In their paper “Grokking: Generalization Beyond Overfitting On Small Algorithmic Datasets”, the authors present certain conclusions on Grokking and generalisation:
- Neural networks can generalise to empty slots in various binary op tables.
- Validation accuracy can abruptly climb from chance level to perfect generalisation long after significant overfitting. This is referred to as ‘grokking.’
- For a variety of binary operations, there have been data efficiency curves.
- Empirically when the dataset size drops, the amount of optimisation necessary for generalisation rapidly increases.
- Weight decay is especially helpful at improving generalisation on the tasks of grokking.

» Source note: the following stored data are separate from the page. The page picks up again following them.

(* Let $\Lambda$ be a finite cubical complex, $q\ge2$ an integer, $k\ge1$, and $p_{\mathbf{c}}\in(0,1)$ for $\mathbf{c}\in\Lambda_k$. Then, as functions of the $k$-spanning subcomplex $\omega$, $$\Big(\prod_{\mathbf{c}\in\Lambda_k(\omega)}\frac{p_{\mathbf{c}}}{1-p_{\mathbf{c}}}\Big)\frac{|\ker(d^\omega_k)|}{|\mathrm{Im}(d^\omega_{k-1})|}\ \propto\ \Big(\prod_{\mathbf{c}\in\Lambda_k(\omega)}\frac{p_{\mathbf{c}}}{1-p_{\mathbf{c}}}\Big)\frac{|\ker(\partial^\omega_{k-1})|}{|\mathrm{Im}(\partial^\omega_k)|};$$ that is, the plaquette random-cluster model defined with the cohomological weights on the left coincides with the one defined by the weights on the right.
   Context: $\Lambda$ consists of finite sets $\Lambda_j$ of $j$-cells (copies of $\{0,1\}^j$) closed under taking faces $F_i^\pm$; $j$-cells carry two orientations (standard cubical conventions: ordering of edges at a root vertex modulo even permutations, faces inheriting the ordering with $e_i$ removed). $C_j=\{\sigma\in(\mathbb{Z}/q\mathbb{Z})^{\mathcal{O}(\Lambda_j)}\mid\sigma_{-\mathfrak{c}}=-\sigma_{\mathfrak{c}}\}$, $C_0=(\mathbb{Z}/q\mathbb{Z})^{\Lambda_0}$; $\partial_j\mathbf{1}^{\mathfrak{c}}=\sum_{i=1}^j(-1)^{i+1}(\mathbf{1}^{F_i^+(\mathfrak{c})}-\mathbf{1}^{F_i^-(\mathfrak{c})})$ ($j\ge2$), $\partial_1\mathbf{1}^{(v,w)}=\mathbf{1}_w-\mathbf{1}_v$, $\partial_0:=0$. Bilinear form $\langle\sigma,\sigma'\rangle=\sum_{\mathbf{c}\in\Lambda_j}\sigma_{\mathfrak{c}}\sigma'_{\mathfrak{c}}$; $d_j:C_{j-1}\to C_j$ is the adjoint of $\partial_j$ (and $d_0:=0$). A $k$-spanning subcomplex $\omega$ contains all cells of dimension $<k$, a set $\Lambda_k(\omega)\subset\Lambda_k$ of $k$-cells and no higher cells. The induced maps on $\omega$: $\partial^\omega_k$ is the restriction of $\partial_k$ to chains supported on $\Lambda_k(\omega)$, $d^\omega_k:C_{k-1}\to C_k(\omega)$ its adjoint (i.e. $d_k$ followed by restriction to $\Lambda_k(\omega)$), and $\partial^\omega_{k-1}=\partial_{k-1}$, $d^\omega_{k-1}=d_{k-1}$. *)

From HB Require Import structures.
From mathcomp Require Import all_boot all_order all_algebra.
Set Implicit Arguments. Unset Strict Implicit. Unset Printing Implicit Defensive.
Import Order.TTheory GRing.Theory Num.Theory.
Local Open Scope ring_scope.

(* A finite cubical complex: finite sets cell j of j-cells, with face maps
   F_i^{+/-} : cell j.+1 -> cell j (i is 0-indexed here: i = 0..j stands for
   the paper's i = 1..j+1; the boolean is the sign, true = +), satisfying the
   cubical identities, and with no cells above some dimension. *)
Record cubical_complex := CubicalComplex {
  cell : nat -> finType;
  face : forall n, 'I_n.+1 -> bool -> cell n.+1 -> cell n;
  face_comm : forall n (i : 'I_n.+1) (j : 'I_n.+2) (a b : bool) (x : cell n.+2),
    (i < j)%N ->
    face i a (face j b x) = face (inord j.-1) b (face (widen_ord (leqnSn _) i) a x);
  fin_dim : exists N, forall j, (N < j)%N -> #|cell j| = 0%N
}.

Section Chains.
Variables (L : cubical_complex) (q : nat).

(* j-chains with coefficients in Z/qZ.  An antisymmetric function on oriented
   j-cells is identified with its values on the reference (positive)
   orientation of each cell. *)
Definition chain (j : nat) := {ffun cell L j -> 'Z_q}.

Definition delta (j : nat) (c : cell L j) : chain j := [ffun c' => (c' == c)%:R].

Definition pairing (j : nat) (s t : chain j) : 'Z_q := \sum_c s c * t c.

(* boundary of an elementary (positively oriented) (m+1)-cell:
   sum_{i=1}^{m+1} (-1)^(i+1) (1^{F_i^+ c} - 1^{F_i^- c}) *)
Definition bd_cell (m : nat) (c : cell L m.+1) : chain m :=
  [ffun c' => \sum_(i < m.+1) (-1) ^+ i *
       ((face i true c == c')%:R - (face i false c == c')%:R)].

Definition bd (m : nat) (s : chain m.+1) : chain m :=
  [ffun c' => \sum_c s c * bd_cell c c'].

Definition bdry (j : nat) : chain j -> chain j.-1 :=
  match j return chain j -> chain j.-1 with
  | 0 => fun _ => 0
  | m.+1 => @bd m
  end.

Definition cobd (j : nat) (t : chain j.-1) : chain j :=
  [ffun c => pairing t (@bdry j (delta c))].

(* omega is a k-spanning subcomplex, determined by w = Lambda_k(omega). *)

(* ker d^omega_k : d_k followed by restriction to w *)
Definition ker_cobd_om (k : nat) (w : {set cell L k}) : {set chain k.-1} :=
  [set t : chain k.-1 | [forall c in w, @cobd k t c == 0]].

(* Im d^omega_{k-1} = Im d_{k-1} *)
Definition im_cobd (j : nat) : {set chain j} :=
  [set @cobd j t | t in [set: chain j.-1]].

(* ker partial^omega_{k-1} = ker partial_{k-1} *)
Definition ker_bdry (j : nat) : {set chain j} :=
  [set s : chain j | @bdry j s == 0].

Definition im_bdry_om (k : nat) (w : {set cell L k}) : {set chain k.-1} :=
  [set @bdry k s | s in [set s : chain k | [forall c, (c \notin w) ==> (s c == 0)]]].

End Chains.

Definition cluster_weight (R : realFieldType) (L : cubical_complex) (k : nat)
  (p : cell L k -> R) (w : {set cell L k}) : R :=
  \prod_(c in w) (p c / (1 - p c)).

From HB Require Import structures.
From mathcomp Require Import all_boot all_order all_algebra.
From mathcomp Require Import algC cyclotomic.
Set Implicit Arguments. Unset Strict Implicit. Unset Printing Implicit Defensive.
Import Order.TTheory GRing.Theory Num.Theory.
Local Open Scope ring_scope.

(* For a subgroup H of (Z/qZ)^n one has |H| |H^perp| = q^n: summing the
   character z^(t.h) (z a primitive q-th root of unity) over t and h in H
   counts |H^perp| |H| one way and q^n the other way.  As d is the adjoint of
   the boundary, ker d^omega_k = (Im partial^omega_k)^perp and
   ker partial_{k-1} = (Im d_{k-1})^perp, so both ratios of the statement equal
   q^|Lambda_{k-1}| / (|Im partial^omega_k| |Im d_{k-1}|): the two weights
   agree, the proportionality constant is 1. *)

(* MathComp registers the finType and zmodType structures of {ffun I -> V}
   but not their join. *)
HB.instance Definition _ (I : finType) (V : finZmodType) :=
  GRing.Zmodule.on {ffun I -> V}.

Section Orthogonality.
Variables (q : nat) (I : finType).
Local Notation vec := {ffun I -> 'Z_q}.

Definition dotz (s t : vec) : 'Z_q := \sum_i s i * t i.

Definition orthz (H : {set vec}) : {set vec} :=
  [set t : vec | [forall h in H, dotz t h == 0]].

Definition ffdelta (c : I) : vec := [ffun i => (i == c)%:R].

Definition supported_on (w : {set I}) : {set vec} :=
  [set s : vec | [forall c, (c \notin w) ==> (s c == 0)]].

Lemma dotzC s t : dotz s t = dotz t s.
Proof. by apply: eq_bigr => i _; rewrite mulrC. Qed.

Lemma dotzDl s s' t : dotz (s + s') t = dotz s t + dotz s' t.
Proof.
by rewrite /dotz -big_split; apply: eq_bigr => i _; rewrite ffunE mulrDl.
Qed.

Lemma dotzDr s t t' : dotz s (t + t') = dotz s t + dotz s t'.
Proof. by rewrite dotzC dotzDl !(dotzC _ s). Qed.

Lemma dotzBl s s' t : dotz (s - s') t = dotz s t - dotz s' t.
Proof.
by rewrite /dotz -sumrB; apply: eq_bigr => i _; rewrite !ffunE mulrBl.
Qed.

Lemma dotz0r s : dotz s 0 = 0.
Proof. by rewrite /dotz big1 // => i _; rewrite ffunE mulr0. Qed.

Lemma dotz_delta s c : dotz s (ffdelta c) = s c.
Proof.
rewrite /dotz (bigD1 c) //= big1 => [|i /negbTE ic].
  by rewrite ffunE eqxx mulr1 addr0.
by rewrite ffunE ic mulr0.
Qed.

Lemma orthz_supported_on w t :
  (t \in orthz (supported_on w)) = [forall c in w, t c == 0].
Proof.
rewrite inE; apply/forallP/forallP => [orth_t c | t_w s]; apply/implyP.
  move=> cw; rewrite -dotz_delta; have /implyP := orth_t (ffdelta c); apply.
  rewrite inE; apply/forallP => c'; rewrite ffunE.
  by case: (c' =P c) => [-> | _]; rewrite ?cw ?implybT.
rewrite inE => /forallP s_w; rewrite /dotz big1 // => c _.
case cw: (c \in w).
  by move/implyP/(_ cw)/eqP: (t_w c) ->; rewrite mul0r.
by move/implyP: (s_w c); rewrite cw => /(_ isT)/eqP ->; rewrite mulr0.
Qed.

Lemma supported_onT : supported_on setT = setT.
Proof. by apply/setP => s; rewrite !inE; apply/forallP => c; rewrite inE. Qed.

Lemma orthzT t : (t \in orthz setT) = (t == 0).
Proof.
rewrite -supported_onT orthz_supported_on; apply/forallP/eqP => [t0 | -> c].
  by apply/ffunP => c; apply/eqP; rewrite ffunE; apply: implyP (t0 c) _.
by rewrite ffunE eqxx implybT.
Qed.

Lemma zmod_closed_supported_on w : zmod_closed (supported_on w).
Proof.
split=> [|s t]; rewrite !inE.
  by apply/forallP => c; rewrite ffunE eqxx implybT.
move=> /forallP s_w /forallP t_w; apply/forallP => c; rewrite !ffunE.
apply/implyP => cw.
by rewrite (eqP (implyP (s_w c) cw)) (eqP (implyP (t_w c) cw)) subrr.
Qed.

End Orthogonality.

Lemma orthz_imset (q : nat) (I J : finType)
    (f : {ffun I -> 'Z_q} -> {ffun J -> 'Z_q})
    (g : {ffun J -> 'Z_q} -> {ffun I -> 'Z_q}) (A : {set {ffun I -> 'Z_q}}) t :
  (forall s, dotz t (f s) = dotz (g t) s) ->
  (t \in orthz (f @: A)) = (g t \in orthz A).
Proof.
move=> adj; rewrite !inE; apply/forallP/forallP => orth_t a; apply/implyP.
  by move=> aA; rewrite -adj; apply: (implyP (orth_t _)); apply: imset_f.
by case/imsetP=> s sA ->; rewrite adj; apply: (implyP (orth_t s)).
Qed.

Lemma zmod_closed_imset (U V : finZmodType) (f : U -> V) (A : {set U}) :
  {morph f : x y / x - y} -> zmod_closed A -> zmod_closed (f @: A).
Proof.
move=> fB [A0 AB]; have f0 : f 0 = 0 by rewrite -(subrr 0) fB subrr.
split; first by rewrite -f0 imset_f.
by move=> _ _ /imsetP [x xA ->] /imsetP [y yA ->]; rewrite -fB imset_f ?AB.
Qed.

Lemma sumr_shift_scale_eq0 (R : idomainType) (T : finType) (A : {pred T})
    (s : T -> T) (f : T -> R) c :
  injective s -> (forall x, (s x \in A) = (x \in A)) ->
  (forall x, f (s x) = f x * c) -> c != 1 -> \sum_(x in A) f x = 0.
Proof.
move=> s_inj A_s f_s c_neq1.
have sum_fixed : \sum_(x in A) f x = (\sum_(x in A) f x) * c.
  rewrite {1}(reindex_inj s_inj) /= mulr_suml.
  by apply: eq_big => [x | x _]; rewrite ?A_s ?f_s.
apply/eqP; move: sum_fixed => /eqP.
rewrite -subr_eq0 -{1}[X in X - _]mulr1 -mulrBr mulf_eq0 subr_eq0.
by rewrite (eq_sym 1) (negbTE c_neq1) orbF.
Qed.

Section CharacterSums.
Variables (q : nat) (I : finType) (z : algC).
Hypotheses (q_gt1 : (1 < q)%N) (z_prim : q.-primitive_root z).

Definition zq_char (a : 'Z_q) : algC := z ^+ a.

Lemma zq_charD : {morph zq_char : a b / a + b >-> a * b}.
Proof.
have modZp n : (n %% (Zp_trunc q).+2 = n %% q)%N by rewrite Zp_cast.
move=> a b; rewrite /zq_char -exprD /= modZp.
exact: expr_mod (prim_expr_order z_prim).
Qed.

Lemma zq_char0 : zq_char 0 = 1.
Proof. exact: expr0. Qed.

Lemma zq_char_eq1 a : (zq_char a == 1) = (a == 0).
Proof.
rewrite /zq_char -(prim_order_dvd z_prim) /dvdn modn_small -?val_eqE //.
by rewrite -[q in (_ < q)%N](Zp_cast q_gt1).
Qed.

Local Notation vec := {ffun I -> 'Z_q}.

Lemma sum_char_dot_orthz (H : {set vec}) t : zmod_closed H ->
  \sum_(h in H) zq_char (dotz t h) = (t \in orthz H)%:R * #|H|%:R.
Proof.
move=> H_zmod; have [H0 HB] := H_zmod.
have [orth_t | ] := boolP (t \in orthz H).
  rewrite mul1r -sum1_card natr_sum; apply: eq_bigr => h Hh.
  by move: orth_t; rewrite inE => /forallP /(_ h) /implyP /(_ Hh) /eqP ->.
rewrite mul0r inE => /forallPn [h0]; rewrite negb_imply => /andP [Hh0 dot_neq0].
apply: (sumr_shift_scale_eq0 (c := zq_char (dotz t h0)) (addIr h0)).
- move=> x; apply/idP/idP => [xh0H | xH]; first by rewrite -(addrK h0 x) HB.
  by have := HB _ _ xH (HB _ _ H0 Hh0); rewrite sub0r opprK.
- by move=> x; rewrite dotzDr zq_charD.
- by rewrite zq_char_eq1.
Qed.

Lemma sum_char_dot h :
  \sum_(t : vec) zq_char (dotz t h) = (h == 0)%:R * #|vec|%:R.
Proof.
have [-> | h_neq0] := eqVneq h 0.
  rewrite mul1r -sum1_card natr_sum; apply: eq_bigr => t _.
  by rewrite dotz0r zq_char0.
have [i hi_neq0] : exists i, h i != 0.
  apply/existsP; apply: contraNT h_neq0 => /existsPn hi0.
  by apply/eqP/ffunP => i; rewrite ffunE; apply/eqP/negbNE.
rewrite mul0r.
rewrite (sumr_shift_scale_eq0 (c := zq_char (h i)) (addIr (ffdelta q i))) //.
- by move=> t; rewrite dotzDl zq_charD [dotz (ffdelta _ _) _]dotzC dotz_delta.
- by rewrite zq_char_eq1.
Qed.

Lemma card_orthz_char (H : {set vec}) : zmod_closed H ->
  (#|H| * #|orthz H| = #|vec|)%N.
Proof.
move=> H_zmod; apply/eqP; rewrite -(@eqr_nat algC) natrM.
pose S := \sum_(t : vec) \sum_(h in H) zq_char (dotz t h).
have S_orthz : S = #|orthz H|%:R * #|H|%:R.
  rewrite /S; under eq_bigr do rewrite sum_char_dot_orthz //.
  rewrite -big_distrl /=; congr (_ * _).
  rewrite -sum1_card natr_sum [RHS]big_mkcond /=.
  by apply: eq_bigr => t _; case: (t \in orthz H).
have S_vec : S = #|vec|%:R.
  rewrite /S exchange_big /= (bigD1 _ H_zmod.1) /=.
  rewrite [X in _ + X]big1 => [|h /andP [_ h_neq0]].
    by rewrite sum_char_dot eqxx mul1r addr0.
  by rewrite sum_char_dot (negbTE h_neq0) mul0r.
by rewrite -S_vec S_orthz mulrC.
Qed.

End CharacterSums.

Lemma card_orthz (q : nat) (I : finType) (H : {set {ffun I -> 'Z_q}}) :
  (1 < q)%N -> zmod_closed H -> (#|H| * #|orthz H| = #|{ffun I -> 'Z_q}|)%N.
Proof.
move=> q_gt1; have [z z_prim] := C_prim_root_exists (ltnW q_gt1).
exact: (card_orthz_char q_gt1 z_prim).
Qed.

Section CubicalChains.
Variables (L : cubical_complex) (q : nat).

Lemma bdryE j (s : chain L q j) x : bdry s x = \sum_c s c * bdry (delta q c) x.
Proof.
case: j s x => [|m] s x /=.
  by rewrite ffunE big1 // => c _; rewrite mulr0.
rewrite ffunE; apply: eq_bigr => c _; congr (_ * _).
rewrite [RHS]ffunE (bigD1 c) //= big1 => [|c' /negbTE c'c].
  by rewrite [X in X * _]ffunE eqxx mul1r addr0.
by rewrite [X in X * _]ffunE c'c mul0r.
Qed.

Lemma bdryB j : {morph @bdry L q j : s s' / s - s'}.
Proof.
move=> s s'; apply/ffunP => x; rewrite !ffunE !bdryE -sumrB.
by apply: eq_bigr => c _; rewrite !ffunE mulrBl.
Qed.

Lemma cobdB j : {morph @cobd L q j : t t' / t - t'}.
Proof. by move=> t t'; apply/ffunP => c; rewrite !ffunE [LHS]dotzBl. Qed.

Lemma dotz_bdry j (t : chain L q j.-1) (s : chain L q j) :
  dotz t (bdry s) = dotz (cobd t) s.
Proof.
rewrite /dotz; under eq_bigr do rewrite bdryE mulr_sumr.
rewrite exchange_big /=; apply: eq_bigr => c _; rewrite ffunE mulr_suml.
by apply: eq_bigr => x _; rewrite mulrCA mulrC.
Qed.

Lemma ker_cobd_omE k (w : {set cell L k}) :
  ker_cobd_om q w = orthz (im_bdry_om q w).
Proof.
have -> : im_bdry_om q w = @bdry L q k @: supported_on q w by [].
apply/setP => t.
by rewrite (orthz_imset _ (dotz_bdry t)) orthz_supported_on inE.
Qed.

Lemma ker_bdryE j : ker_bdry L q j = orthz (im_cobd L q j).
Proof.
apply/setP => s; rewrite (orthz_imset _ (g := @bdry L q j)) ?orthzT ?inE //.
move=> t.
by rewrite dotzC -dotz_bdry dotzC.
Qed.

Lemma zmod_closed_im_bdry_om k (w : {set cell L k}) :
  zmod_closed (im_bdry_om q w).
Proof. exact: zmod_closed_imset (@bdryB k) (zmod_closed_supported_on q w). Qed.

Lemma zmod_closed_im_cobd j : zmod_closed (im_cobd L q j).
Proof.
apply: zmod_closed_imset (@cobdB j) _.
by split=> [|t t' _ _]; rewrite inE.
Qed.

End CubicalChains.

Lemma card_ker_im_ratio (R : numFieldType) (L : cubical_complex) (q k : nat)
    (w : {set cell L k}) : (1 < q)%N ->
  #|ker_cobd_om q w|%:R / #|im_cobd L q k.-1|%:R
    = #|ker_bdry L q k.-1|%:R / #|im_bdry_om q w|%:R :> R.
Proof.
move=> q_gt1.
have card_neq0 (H : {set chain L q k.-1}) : zmod_closed H -> #|H|%:R != 0 :> R.
  by case=> H0 _; rewrite pnatr_eq0 -lt0n; apply/card_gt0P; exists 0.
have im_bdry_zmod := zmod_closed_im_bdry_om q w.
have im_cobd_zmod := zmod_closed_im_cobd L q k.-1.
have im_bdry_ker := card_orthz q_gt1 im_bdry_zmod.
have im_cobd_ker := card_orthz q_gt1 im_cobd_zmod.
rewrite -ker_cobd_omE in im_bdry_ker; rewrite -ker_bdryE in im_cobd_ker.
apply/eqP; rewrite eqr_div ?card_neq0 //.
by rewrite -!natrM eqr_nat mulnC im_bdry_ker mulnC im_cobd_ker.
Qed.

Theorem lemmaC3 (R : realFieldType) (L : cubical_complex) (q k : nat)
  (hq : (1 < q)%N) (hk : (0 < k)%N) (p : cell L k -> R)
  (hp : forall c, 0 < p c < 1) :
  exists K : R, 0 < K /\
    forall w : {set cell L k},
      cluster_weight p w *
        (#|ker_cobd_om q w|%:R / #|im_cobd L q k.-1|%:R)
      = K * (cluster_weight p w *
        (#|ker_bdry L q k.-1|%:R / #|im_bdry_om q w|%:R)).
Proof.
exists 1; split=> [|w]; first exact: ltr01.
by rewrite mul1r card_ker_im_ratio.
Qed.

- Symbol embeddings discovered by these networks occasionally reveal the discernible structure of the mathematical objects represented.
Deep learning practitioners see small improvements in validation accuracy after validation loss stops decreasing. A double descent of validation loss has been observed in rare cases, and is seen as an outlier.
The researchers saw enhanced generalisation after initial overfitting occurs for a range of models, optimisers, and dataset sizes. Such behaviours are typical for all the binary operations for dataset sizes close to the minimal dataset size for which the network generalised within the allotted optimization budget, the researchers noted. For larger dataset sizes, the training and validation curves tend to be in alignment.
Researchers have used convolutional neural networks to investigate a large variety of generalisation or complexity measures to identify which are predictive of generalisation performance. Flatness-based measurements that evaluate the trained neural network’s sensitivity to parameter perturbations are shown to be the most predictive. Power et al. have hence hypothesised that the grokking phenomenon reported was caused by SGD noise forcing optimisation to flatter/simpler solutions that generalise better.
Moreover, the researchers noticed an interesting phenomenon: The number of optimisation steps needed to hit a given level of performance increases quickly as the size of the training dataset is reduced. Since this represents a way to trade compute for performance on smaller amounts of data, it would be useful to investigate in future work whether the effect is also present for other datasets.